[Exercise aim] Please tally how many lines of the material below include the word "pose", giving only the number.

*** Data shown ***

(* Let $s<1$, $r\le0$ and $N\gg1$. The multipliers $\sigma_\pm(\xi_1,\xi_2)$ defined below satisfy, with implicit constants independent of $N$: (1) if $|\xi_1|\gg|\xi_2|$, then $|\sigma_\pm(\xi_1,\xi_2)-m_{1-s,N}(\xi_1)^2|\lesssim \frac{|\xi_2|^2}{|\xi_1|^2}+\frac{1}{|\xi_1|}$; (2) if $|\xi_1|\sim|\xi_2|$, then $|\sigma_\pm(\xi_1,\xi_2)|\lesssim 1$.
   Context: For $q\ge0$ and $N\gg1$, $m_{q,N}\in C^\infty(\mathbb{R}^2)$ is a radial function, non-increasing in $|\xi|$, with $m_{q,N}(\xi)=1$ for $|\xi|<N$ and $m_{q,N}(\xi)=(N/|\xi|)^q$ for $|\xi|>2N$. Write $\xi_{12}=\xi_1+\xi_2$, $m_{1-s,j}=m_{1-s,N}(\xi_j)$, $m_{-r,12}=m_{-r,N}(\xi_{12})$. Define \[ \sigma^Z_\pm(\xi_1,\xi_2):=\frac{|\xi_1|^2m_{1-s,1}^2-|\xi_2|^2m_{1-s,2}^2\pm|\xi_{12}|m_{-r,12}^2}{|\xi_1|^2-|\xi_2|^2\pm|\xi_{12}|},\qquad \sigma^S(\xi_1,\xi_2):=\frac{|\xi_1|^2m_{1-s,1}^2-|\xi_2|^2m_{1-s,2}^2}{|\xi_1|^2-|\xi_2|^2}, \] and $\sigma_\pm(\xi_1,\xi_2):=\sigma^Z_\pm(\xi_1,\xi_2)$ if $\big||\xi_1|^2-|\xi_2|^2\big|>2|\xi_{12}|$, and $\sigma_\pm(\xi_1,\xi_2):=\sigma^S(\xi_1,\xi_2)$ if $\big||\xi_1|^2-|\xi_2|^2\big|\le2|\xi_{12}|$ (with $\sigma^S$ extended by continuity where $|\xi_1|=|\xi_2|$). The variables $\xi_1,\xi_2$ range over $\mathbb{R}^2$ or over the lattice $\gamma_1^{-1}\mathbb{Z}\times\gamma_2^{-1}\mathbb{Z}$. ''$A\gg B$'' means $A\ge CB$ for a sufficiently large absolute constant $C$; ''$A\sim B$'' means $C^{-1}B\le A\le CB$. *)

From Stdlib Require Import Reals.
From Coquelicot Require Import Coquelicot.
Open Scope R_scope.

Definition vec2 := (R * R)%type.
Definition vnorm (x : vec2) : R := sqrt (fst x ^ 2 + snd x ^ 2).
Definition vadd (x y : vec2) : vec2 := (fst x + fst y, snd x + snd y).

Definition smooth (g : R -> R) : Prop := forall (k : nat) (t : R), ex_derive_n g k t.

(* Radial profile of m_q: m_q(xi) = g(|xi|), smooth, non-increasing in |xi|,
   = 1 for |xi| < 1 and = |xi|^{-q} for |xi| > 2. *)
Definition is_profile (q : R) (g : R -> R) : Prop :=
  smooth g /\
  (forall t, Rabs t < 1 -> g t = 1) /\
  (forall t, 2 < t -> g t = Rpower t (- q)) /\
  (forall t u, 0 <= t -> t <= u -> g u <= g t).

Definition mqN (g : R -> R) (N : R) (x : vec2) : R := g (vnorm x / N).

Definition sgn (pm : bool) : R := if pm then 1 else -1.

(* sigma^Z_{pm}; g1 is the profile for q = 1-s, g2 for q = -r *)
Definition sigmaZ (pm : bool) (g1 g2 : R -> R) (N : R) (x1 x2 : vec2) : R :=
  let a := vnorm x1 in let b := vnorm x2 in let c := vnorm (vadd x1 x2) in
  (a ^ 2 * (mqN g1 N x1) ^ 2 - b ^ 2 * (mqN g1 N x2) ^ 2
     + sgn pm * c * (mqN g2 N (vadd x1 x2)) ^ 2)
  / (a ^ 2 - b ^ 2 + sgn pm * c).
Definition edge_pair {L} (c0 c c' : cell L) : Prop :=
  cluster c0 c /\ is_edge c /\ is_edge c' /\ coupled c c'.

Definition corner_triple {L} (c c' c'' : cell L) : Prop :=
  is_corner c /\ is_corner c' /\ is_corner c'' /\
  coupled c c' /\ coupled c c'' /\ coupled c' c''.

Section Symmetry.
Context {L : Type} {s : cell L -> cell L} (Hs : cube_symmetry s).

Lemma sym_coupled {c d} : coupled c d -> coupled (s c) (s d).
Proof.
  intros [Hne Hpt]; split.
  - intros H; exact (Hne (sym_inj Hs _ _ H)).
  - exact (sym_cpt Hs _ _ Hpt).
Qed.

Lemma sym_edge {c} : is_edge c -> is_edge (s c).
Proof. unfold is_edge; rewrite (sym_num_inf Hs); auto. Qed.

Lemma sym_corner {c} : is_corner c -> is_corner (s c).
Proof. unfold is_corner; rewrite (sym_num_inf Hs); auto. Qed.

Lemma sym_edge_pair {c0 c c'} : edge_pair c0 c c' -> edge_pair c0 (s c) (s c').
Proof.
  intros [K [E [E' P]]].
  exact (conj (sym_cluster Hs _ _ K) (conj (sym_edge E) (conj (sym_edge E') (sym_coupled P)))).
Qed.

Lemma sym_corner_triple {c c' c''} :
  corner_triple c c' c'' -> corner_triple (s c) (s c') (s c'').
Proof.
  intros [K [K' [K'' [P [P' P'']]]]].
  repeat split; apply sym_corner || apply sym_coupled; assumption.
Qed.

End Symmetry.

Definition matches {L} (f : config L) (l : list (cell L * color)) : Prop :=
  Forall (fun cv => f (fst cv) = Some (snd cv)) l.

Definition relabel {L} (s : cell L -> cell L) (l : list (cell L * color)) :=
  map (fun cv => (s (fst cv), snd cv)) l.

Definition avoids {L} (F : list (cell L * color) -> Prop) (f : config L) : Prop :=
  forall l, F l -> ~ matches f l.

Lemma matches_act {L} {s : btwist L} {f l} :
  matches (act s f) l -> matches f (relabel (bt_perm_inv s) l).
Proof. intros H; apply Forall_map, H. Qed.

Section Runs.
Context {L W : Type} {lt : W -> W -> Prop} {sigma : W -> btwist L}
  {f0 : config L} {g : option W -> config L}.
Hypothesis lt_wo : is_wellorder lt.
Hypothesis g_run : is_run lt sigma f0 g.

Let later (w w' : W) : Prop := w = w' \/ lt w w'.

Lemma later_trans {w1 w2 w3} : later w1 w2 -> later w2 w3 -> later w1 w3.
Proof.
  destruct lt_wo as [_ [Htr _]].
  intros [<-|H12] [<-|H23]; unfold later; eauto.
Qed.

Lemma later_join w1 w2 : exists w, (w = w1 \/ w = w2) /\ later w1 w /\ later w2 w.
Proof.
  destruct lt_wo as [_ [_ [Htot _]]].
  destruct (Htot w1 w2) as [H|[<-|H]].
  - exists w2; unfold later; tauto.
  - exists w1; unfold later; tauto.
  - exists w1; unfold later; tauto.
Qed.

Lemma limit_eventually_matches {s l} :
  (exists w, below lt w s) -> (forall w, ~ is_max_below lt w s) ->
  matches (g s) l ->
  exists w0, below lt w0 s /\
    forall w, below lt w s -> later w0 w -> matches (g (Some w)) l.
Proof.
  intros [w00 H00] Hnomax Hl.
  pose proof (proj2 (proj2 (g_run s)) (ex_intro _ w00 H00) Hnomax) as Hlim.
  induction Hl as [|[c v] l Hc _ IH].
  - exists w00; split; [exact H00|constructor].
  - simpl in Hc; destruct IH as [w2 [Hb2 H2]].
    assert (Hev : exists v', ev_const lt g s c v').
    { apply NNPP; intros Hno; rewrite (proj2 (Hlim c)) in Hc; [discriminate|].
      intros v' Hv'; eauto. }
    destruct Hev as [v' Hv']; rewrite (proj1 (Hlim c) v' Hv') in Hc; subst v'.
    destruct Hv' as [w1 [Hb1 H1]].
    destruct (later_join w1 w2) as [w0 [Hw0 [L1 L2]]].
    exists w0; split; [destruct Hw0 as [->| ->]; assumption|].
    intros w Hb Hw; constructor.
    + apply H1; [assumption|].
      destruct (later_trans L1 Hw) as [->|]; auto.
    + exact (H2 w Hb (later_trans L2 Hw)).
Qed.

Lemma run_avoids {F : list (cell L * color) -> Prop} :
  (forall t l, F l -> F (relabel (bt_perm_inv t) l)) ->
  avoids F f0 -> avoids F (g None).
Proof.
  intros HF H0.
  assert (Hstage : forall s, (forall w, below lt w s -> avoids F (g (Some w))) ->
                             avoids F (g s)).
  { intros s IH; destruct (g_run s) as [Hinit [Hsucc _]].
    destruct (classic (exists w, below lt w s)) as [Hex|Hnone].
    - destruct (classic (exists w, is_max_below lt w s)) as [[w Hw]|Hnomax].
      + rewrite (Hsucc w Hw); intros l Hl Hm.
        exact (IH w (proj1 Hw) _ (HF _ _ Hl) (matches_act Hm)).
      + intros l Hl Hm.
        destruct (limit_eventually_matches Hex (fun w Hw => Hnomax (ex_intro _ w Hw)) Hm)
          as [w [Hb Hw]].
        exact (IH w Hb l Hl (Hw w Hb (or_introl eq_refl))).
    - rewrite Hinit; [exact H0|].
      intros w Hw; apply Hnone; eauto. }
  apply Hstage; intros w _.
  destruct lt_wo as [_ [_ [_ Hwf]]].
  induction w as [w IH] using (well_founded_ind Hwf).
  apply Hstage, IH.
Qed.

End Runs.

Definition edge_clash {L} (c0 : cell L) (g1 g2 : color) (l : list (cell L * color)) :=
  exists c1 c1' c2 c2', edge_pair c0 c1 c1' /\ edge_pair c0 c2 c2' /\
    ~ (c1 = c2 /\ c1' = c2') /\ l = [(c1, g1); (c1', g2); (c2, g1); (c2', g2)].

Definition corner_clash {L} (g1 g2 g3 : color) (l : list (cell L * color)) :=
  exists c1 c1' c1'' c2 c2' c2'', corner_triple c1 c1' c1'' /\ corner_triple c2 c2' c2'' /\
    ~ (c1 = c2 /\ c1' = c2' /\ c1'' = c2'') /\
    l = [(c1, g1); (c1', g2); (c1'', g3); (c2, g1); (c2', g2); (c2'', g3)].

Lemma edge_clash_relabel {L} (c0 : cell L) g1 g2 {s l} : cube_symmetry s ->
  edge_clash c0 g1 g2 l -> edge_clash c0 g1 g2 (relabel s l).
Proof.
  intros Hs [c1 [c1' [c2 [c2' [P1 [P2 [Hne ->]]]]]]].
  exists (s c1), (s c1'), (s c2), (s c2').
  split; [exact (sym_edge_pair Hs P1)|split; [exact (sym_edge_pair Hs P2)|split; [|reflexivity]]].
  intros [H H']; apply Hne; split; apply (sym_inj Hs); assumption.
Qed.

Lemma corner_clash_relabel {L} g1 g2 g3 {s : cell L -> cell L} {l} : cube_symmetry s ->
  corner_clash g1 g2 g3 l -> corner_clash g1 g2 g3 (relabel s l).
Proof.
  intros Hs [c1 [c1' [c1'' [c2 [c2' [c2'' [T1 [T2 [Hne ->]]]]]]]]].
  exists (s c1), (s c1'), (s c1''), (s c2), (s c2'), (s c2'').
  split; [exact (sym_corner_triple Hs T1)|split; [exact (sym_corner_triple Hs T2)|split; [|reflexivity]]].
  intros [H [H' H'']]; apply Hne; repeat split; apply (sym_inj Hs); assumption.
Qed.

Lemma f_solved_edge_pair_unique {L} {c0 c1 c1' c2 c2' : cell L} :
  edge_pair c0 c1 c1' -> edge_pair c0 c2 c2' ->
  f_solved c1 = f_solved c2 -> f_solved c1' = f_solved c2' -> c1 = c2 /\ c1' = c2'.
Proof.
  intros [K1 [E1 [E1' P1]]] [K2 [E2 [E2' P2]]] F F'.
  destruct (f_solved_inj c1 c2 F) as [A Q], (f_solved_inj c1' c2' F') as [A' Q'].
  pose proof (coupled_cax P1) as Hax.
  destruct P1 as [_ Pt1], P2 as [_ Pt2].
  rewrite <- A in Q; rewrite <- Pt1, <- Pt2, <- A' in Q'.
  assert (Hpt : cpt c1 = cpt c2).
  { apply (edge_point_ext Hax Q Q' (proj2_sig c1)); auto.
    - rewrite Pt1; exact (proj2_sig c1').
    - rewrite (edge_invariant_cluster K1 E1), A, (edge_invariant_cluster K2 E2); reflexivity. }
  split; apply cell_ext; congruence.
Qed.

***

[Expected answer] 2